## Task
Find the line in the entries below that contains "have qf_comb (s". Repeat it exactly, and every line after it through the line that contains "set p := qf".
-.-.-
Lemma drop_pos k : 0 < drop al be k.
Proof.
  pose proof (xk_ge_3 k); pose proof (powlog_pos (- al - 1) (- be) (xk k)).
  assert (0 < al / K) by (apply Rdiv_lt_0_compat; [lra | apply Rpower_pos]).
  destruct (drop_bounds k (xk k)) as [Hlow _]; [rewrite xk_S; lra|].
  nra.
Qed.

Variables m eps : R.
Hypotheses (Hm : 1 < m) (Heps : 0 < eps).

Let w := level_weight m al be eps.
Let a0 := (al + 1) * (m - 1).
Let b0 := eps + be * (m - 1).

Lemma level_weight_pos k : 0 < w k.
Proof. apply Rdiv_lt_0_compat; [apply powlog_pos | apply Rpower_pos]. Qed.

Lemma level_weight_mul_drop k : w k * Rpower (drop al be k) (m - 1) = flux eps k.
Proof. unfold w, level_weight; field; apply Rgt_not_eq, Rpower_pos. Qed.

Lemma level_weight_ge k : / Rpower ((al + be) * K) (m - 1) * powlog a0 b0 (xk k) <= w k.
Proof.
  pose proof (xk_ge_3 k); pose proof (powlog_pos (- al - 1) (- be) (xk k)).
  pose proof (powlog_pos 0 eps (xk k)); pose proof (drop_pos k).
  assert (HK : 0 < K) by apply Rpower_pos.
  destruct (drop_bounds k (xk k)) as [_ Hup]; [rewrite xk_S; lra|].
  unfold a0, b0; rewrite <- powlog_div_Rpower.
  apply Rle_trans
    with (flux eps k / Rpower ((al + be) * K * powlog (- al - 1) (- be) (xk k)) (m - 1)).
  - rewrite <- (Rpower_mult_distr ((al + be) * K)) by nra; unfold flux; right; field.
    split; apply Rgt_not_eq, Rpower_pos.
  - apply Rdiv_Rpower_le; unfold flux; lra.
Qed.
Theorem lemma4p2 (n : nat) (l : seq nat) (G : {group {perm 'I_n}}) :
  is_partition n l -> non_uniform l ->
  lambda_homogeneous l G -> ~ lambda_transitive l G ->
  two_homogeneous G /\ [primitive G, on [set: 'I_n] | 'P].
Proof.
move=> [_ l_pos _] l_nconst G_hom G_ntrans.
have [[A0 A0_ord] | no_ordpart] := classic (exists A, @ordpart_of_type n l A); last first.
  by case: G_ntrans => A B A_ord; case: no_ordpart; exists A.
have l_nuniq : ~~ uniq l.
  by apply/negP => l_uniq; apply/G_ntrans/uniq_homogeneous_transitive.
have [i [j [k [ij ik jk lt_ji]]]] := exists_three_parts l_nconst l_nuniq.
have G_2hom : two_homogeneous G.
  move=> S T /eqP/cards2P[s [t [st ->]]] /eqP/cards2P[u [v [uv ->]]].
  have : orbit_pair G [set s; t] u v.
    rewrite (rel_const l_pos G_hom (orbit_pair_sym G _) (orbit_pair_irr G _)
      (@orbit_pair_mono _ G _) A0_ord ij ik jk lt_ji uv st).
    by rewrite /orbit_pair st orbit_refl.
  by case/andP=> _ /orbitP[g Gg gST]; exists g.
split=> //; apply: two_homogeneous_primitive G_2hom.
exact: ltnW (card_gt3 l_pos A0_ord ij ik jk lt_ji).
Qed.
(* Let $G$ be a connected undirected simple graph on $n$ vertices with edge set $\mathcal E$ and nominal positive edge weights $\{\omega_{0,ij}\}_{\{i,j\}\in\mathcal E}$, with Laplacian $L_0$. For each edge let $\alpha_{\omega_{ij}}\in[0,1)$, and let $L$ be the Laplacian of the same graph with weights $\omega_{ij}$ satisfying $(1-\alpha_{\omega_{ij}})\omega_{0,ij}\le\omega_{ij}\le(1+\alpha_{\omega_{ij}})\omega_{0,ij}$. Put $\Delta=\sum_{\{i,j\}\in\mathcal E}\alpha_{\omega_{ij}}\omega_{0,ij}(e_i-e_j)(e_i-e_j)^\top$ and $a=\|L_0^\dagger\Delta\|$ (spectral norm), and assume $a<1$. Then $$(1-a)L_0\preceq L\preceq(1+a)L_0,$$ and, with zero time delay, the steady-state covariances $\Sigma=\frac12b^2L^\dagger$ and $\Sigma_0=\frac12b^2L_0^\dagger$ (same $b$) satisfy $(1-\varepsilon_\omega^-)\Sigma_0\preceq\Sigma\preceq(1+\varepsilon_\omega^+)\Sigma_0$, where $\varepsilon_\omega^-=\frac{\|\Delta L_0^\dagger\|}{1+\|\Delta L_0^\dagger\|}$ and $\varepsilon_\omega^+=\frac{\|\Delta L_0^\dagger\|}{1-\|\Delta L_0^\dagger\|}$.
   Context: The Laplacian of a weighted graph with weights $\omega_{ij}$ is $L=\sum_{\{i,j\}\in\mathcal E}\omega_{ij}(e_i-e_j)(e_i-e_j)^\top$, where $e_k$ are standard basis vectors. $L^\dagger$ is the Moore–Penrose pseudoinverse. For zero delay, the network $\mathrm dx_t=-Lx_t\,\mathrm dt+b\,\mathrm dw_t$ ($w_t$ standard Brownian motion, $b\neq0$) has observables $y=(I_n-\frac1n\mathbf 1\mathbf 1^\top)x$ with steady-state law $\mathcal N(0,\frac12b^2L^\dagger)$. $A\preceq B$ means $B-A$ is positive semidefinite. *)

From HB Require Import structures.
From mathcomp Require Import all_boot all_order all_algebra.
From mathcomp Require Import boolp classical_sets reals.
Set Implicit Arguments. Unset Strict Implicit. Unset Printing Implicit Defensive.
Import Order.TTheory GRing.Theory Num.Theory.
Local Open Scope ring_scope.
Local Open Scope classical_set_scope.

Section Defs.
Variable R : realType.

Definition basis_vec n (i : 'I_n) : 'cV[R]_n := delta_mx i 0.

Definition edge_mx n (i j : 'I_n) : 'M[R]_n :=
  (basis_vec i - basis_vec j) *m (basis_vec i - basis_vec j)^T.

Definition simple_graph n (adj : rel 'I_n) : Prop :=
  (forall i, ~~ adj i i) /\ (forall i j, adj i j = adj j i).

Definition connected_graph n (adj : rel 'I_n) : Prop :=
  forall i j, connect adj i j.

(* Weighted Laplacian: each undirected edge {i,j} is counted once, as the
   ordered pair with i < j; the weight of {i,j} is w i j for i < j. *)
Definition laplacian n (adj : rel 'I_n) (w : 'I_n -> 'I_n -> R) : 'M[R]_n :=
  \sum_(i < n) \sum_(j < n | (i < j)%N && adj i j) w i j *: edge_mx i j.

Definition penrose m n (A : 'M[R]_(m, n)) (X : 'M[R]_(n, m)) : Prop :=
  [/\ A *m X *m A = A, X *m A *m X = X,
      (A *m X)^T = A *m X & (X *m A)^T = X *m A].

(* Moore-Penrose pseudoinverse: the (unique, existing) X satisfying the
   Penrose conditions. *)
Definition pinv m n (A : 'M[R]_(m, n)) : 'M[R]_(n, m) :=
  xget 0 [set X | penrose A X].

Definition norm2 n (x : 'cV[R]_n) : R := Num.sqrt (\sum_i x i 0 ^+ 2).

Definition spec_norm m n (A : 'M[R]_(m, n)) : R :=
  sup [set norm2 (A *m x) | x in [set x : 'cV[R]_n | norm2 x = 1]].

Definition psd n (A : 'M[R]_n) : Prop :=
  A^T = A /\ forall x : 'cV[R]_n, 0 <= (x^T *m A *m x) 0 0.

Definition loewner_le n (A B : 'M[R]_n) : Prop := psd (B - A).

Definition steady_cov n (b : R) (L : 'M[R]_n) : 'M[R]_n :=
  (b ^+ 2 / 2) *: pinv L.

End Defs.

From mathcomp Require Import all_boot all_order all_algebra.
From mathcomp Require Import classical_sets reals.
From mathcomp Require Import ring lra.
Set Implicit Arguments. Unset Strict Implicit. Unset Printing Implicit Defensive.
Import Order.TTheory GRing.Theory Num.Theory.
Local Open Scope ring_scope.
Local Open Scope classical_set_scope.

(* Let T = L0^+ Delta.  Since L0 T = Delta is symmetric, T is self-adjoint for
   the semi-inner product <u, v> = u^T L0 v, so by Cauchy-Schwarz the moments
   m_j = <x, T^j x> satisfy m_j^2 <= m_0 m_(2j).  Iterating,
   (m_1 / m_0)^(2^e) <= m_(2^e) / m_0 = O(||T||^(2^e)) for all e, which forces
   x^T Delta x = m_1 <= ||T|| m_0 = a x^T L0 x.  Edge by edge,
   |x^T L x - x^T L0 x| <= x^T Delta x, hence (1 - a) L0 <= L <= (1 + a) L0.
   For PSD M, x^T M^+ x = max_u (2 u^T M M^+ x - u^T M u); as L and L0 have
   the same kernel (the constants, by connectivity), M M^+ is the same
   projector for both, so s L0 <= L implies s L^+ <= L0^+.  Finally
   ||Delta L0^+|| = ||(L0^+ Delta)^T|| = a, 1 - a/(1 + a) = 1/(1 + a) and
   1 + a/(1 - a) = 1/(1 - a). *)

Section RealMatrices.
Variable R : realType.

Definition dot n (u v : 'cV[R]_n) : R := (u^T *m v) 0 0.

(* Literally the form in [psd], so [psd M] unfolds to
   [M^T = M /\ forall x, 0 <= qf M x]. *)
Definition qf n (M : 'M[R]_n) (x : 'cV[R]_n) : R := (x^T *m M *m x) 0 0.

Lemma dotE n (u v : 'cV[R]_n) : dot u v = \sum_k u k 0 * v k 0.
Proof. by rewrite /dot mxE; apply: eq_bigr => k _; rewrite mxE. Qed.

Lemma dotC n (u v : 'cV[R]_n) : dot u v = dot v u.
Proof. by rewrite !dotE; apply: eq_bigr => k _; rewrite mulrC. Qed.

Lemma dotDr n (u v w : 'cV[R]_n) : dot u (v + w) = dot u v + dot u w.
Proof. by rewrite /dot mulmxDr mxE. Qed.

Lemma dotZr n c (u v : 'cV[R]_n) : dot u (c *: v) = c * dot u v.
Proof. by rewrite /dot -scalemxAr mxE. Qed.

Lemma dotDl n (u v w : 'cV[R]_n) : dot (v + w) u = dot v u + dot w u.
Proof. by rewrite dotC dotDr !(dotC u). Qed.

Lemma dotZl n c (u v : 'cV[R]_n) : dot (c *: u) v = c * dot u v.
Proof. by rewrite dotC dotZr dotC. Qed.

Lemma dot0r n (u : 'cV[R]_n) : dot u 0 = 0.
Proof. by rewrite /dot mulmx0 mxE. Qed.

Lemma dotxx_ge0 n (x : 'cV[R]_n) : 0 <= dot x x.
Proof. by rewrite dotE sumr_ge0 // => k _; rewrite -expr2 sqr_ge0. Qed.

Lemma dot_mulmxr m n (M : 'M[R]_(m, n)) u v : dot u (M *m v) = dot (M^T *m u) v.
Proof. by rewrite /dot trmx_mul trmxK mulmxA. Qed.

Lemma dot_symmx n (M : 'M[R]_n) u v : M^T = M -> dot u (M *m v) = dot v (M *m u).
Proof. by move=> MT; rewrite dot_mulmxr MT dotC. Qed.

Lemma qfE n (M : 'M[R]_n) x : qf M x = dot x (M *m x).
Proof. by rewrite /qf /dot mulmxA. Qed.

Lemma qfD n (M N : 'M[R]_n) x : qf (M + N) x = qf M x + qf N x.
Proof. by rewrite !qfE mulmxDl dotDr. Qed.

Lemma qfZ n c (M : 'M[R]_n) x : qf (c *: M) x = c * qf M x.
Proof. by rewrite !qfE -scalemxAl dotZr. Qed.

Lemma qfB n (M N : 'M[R]_n) x : qf (M - N) x = qf M x - qf N x.
Proof. by rewrite qfD -scaleN1r qfZ mulN1r. Qed.

Lemma qf_sum n I (r : seq I) (P : pred I) (F : I -> 'M[R]_n) x :
  qf (\sum_(i <- r | P i) F i) x = \sum_(i <- r | P i) qf (F i) x.
Proof.
elim/big_rec2: _ => [|i y1 y2 _ <-]; first by rewrite qfE mul0mx dot0r.
by rewrite qfD.
Qed.

Lemma qf_scalev n (M : 'M[R]_n) c x : qf M (c *: x) = c ^+ 2 * qf M x.
Proof. by rewrite !qfE -scalemxAr dotZl dotZr mulrA expr2. Qed.

Lemma qf_addv n (M : 'M[R]_n) u v : M^T = M ->
  qf M (u + v) = qf M u + 2 * dot u (M *m v) + qf M v.
Proof.
by move=> MT; rewrite !qfE mulmxDr !dotDl !dotDr (dot_symmx v u MT); ring.
Qed.

Lemma psd_cauchy_schwarz n (M : 'M[R]_n) u v :
  psd M -> dot u (M *m v) ^+ 2 <= qf M u * qf M v.
Proof.
case=> MT M_ge0.
have qf_comb (s t : R) : qf M (s *: u + t *: v)
    = s ^+ 2 * qf M u + 2 * s * t * dot u (M *m v) + t ^+ 2 * qf M v.
  by rewrite qf_addv // !qf_scalev -scalemxAr dotZl dotZr; ring.
set p := qf M u; set r := qf M v; set d := dot u (M *m v).
have nonneg s t : 0 <= s ^+ 2 * p + 2 * s * t * d + t ^+ 2 * r.
  by rewrite -qf_comb; apply: M_ge0.
(* Test vectors r u - d v, p v - d u and u - d v, for r > 0, p > 0, p = r = 0. *)
have [r_gt0|r_le0] := ltrP 0 r; first by have := nonneg r (- d); nra.
have [p_gt0|p_le0] := ltrP 0 p; first by have := nonneg (- d) p; nra.
by have := nonneg 1 (- d); nra.
Qed.

Lemma dot_cauchy_schwarz n (u v : 'cV[R]_n) : dot u v ^+ 2 <= dot u u * dot v v.
Proof.
have psd1 : psd (1%:M : 'M[R]_n).
  by split=> [|x]; [exact: trmx1 | rewrite -/(qf _ x) qfE mul1mx dotxx_ge0].
by have := psd_cauchy_schwarz u v psd1; rewrite !qfE !mul1mx.
Qed.

Lemma norm2E n (x : 'cV[R]_n) : norm2 x = Num.sqrt (dot x x).
Proof.
by rewrite /norm2 dotE; congr Num.sqrt; apply: eq_bigr => k _; rewrite expr2.
Qed.

Lemma norm2_ge0 n (x : 'cV[R]_n) : 0 <= norm2 x.
Proof. by rewrite norm2E sqrtr_ge0. Qed.

Lemma norm2_sqr n (x : 'cV[R]_n) : norm2 x ^+ 2 = dot x x.
Proof. by rewrite norm2E sqr_sqrtr ?dotxx_ge0. Qed.

Lemma norm2Z n c (x : 'cV[R]_n) : norm2 (c *: x) = `|c| * norm2 x.
Proof.
by rewrite !norm2E dotZl dotZr mulrA -expr2 sqrtrM ?sqr_ge0 // sqrtr_sqr.
Qed.

Lemma norm2_eq0 n (x : 'cV[R]_n) : (norm2 x == 0) = (x == 0).
Proof.
apply/eqP/eqP => [|->]; last by rewrite norm2E dot0r sqrtr0.
rewrite norm2E => /eqP; rewrite sqrtr_eq0 le_eqVlt ltNge dotxx_ge0 orbF dotE.
move=> /eqP /psumr_eq0P sq0; apply/matrixP => i j; rewrite ord1 mxE.
by apply/eqP; rewrite -sqrf_eq0 expr2 sq0 // => k _; rewrite -expr2 sqr_ge0.
Qed.

Lemma dot_le_norm2 n (u v : 'cV[R]_n) : dot u v <= norm2 u * norm2 v.
Proof.
rewrite !norm2E -sqrtrM ?dotxx_ge0 //; apply: le_trans (ler_norm _) _.
by rewrite -sqrtr_sqr ler_sqrt ?dot_cauchy_schwarz // mulr_ge0 ?dotxx_ge0.
Qed.

Lemma norm2_normalize n (x : 'cV[R]_n) : x != 0 -> norm2 ((norm2 x)^-1 *: x) = 1.
Proof.
rewrite -norm2_eq0 => x_neq0.
by rewrite norm2Z ger0_norm ?invr_ge0 ?norm2_ge0 // mulVf.
Qed.

Section SpectralNorm.
Variables m n : nat.

Let image_sphere (M : 'M[R]_(m, n.+1)) :=
  [set norm2 (M *m x) | x in [set x : 'cV[R]_n.+1 | norm2 x = 1]].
-.-.-
## Completed exercise
have qf_comb (s t : R) : qf M (s *: u + t *: v)
    = s ^+ 2 * qf M u + 2 * s * t * dot u (M *m v) + t ^+ 2 * qf M v.
  by rewrite qf_addv // !qf_scalev -scalemxAr dotZl dotZr; ring.
set p := qf M u; set r := qf M v; set d := dot u (M *m v).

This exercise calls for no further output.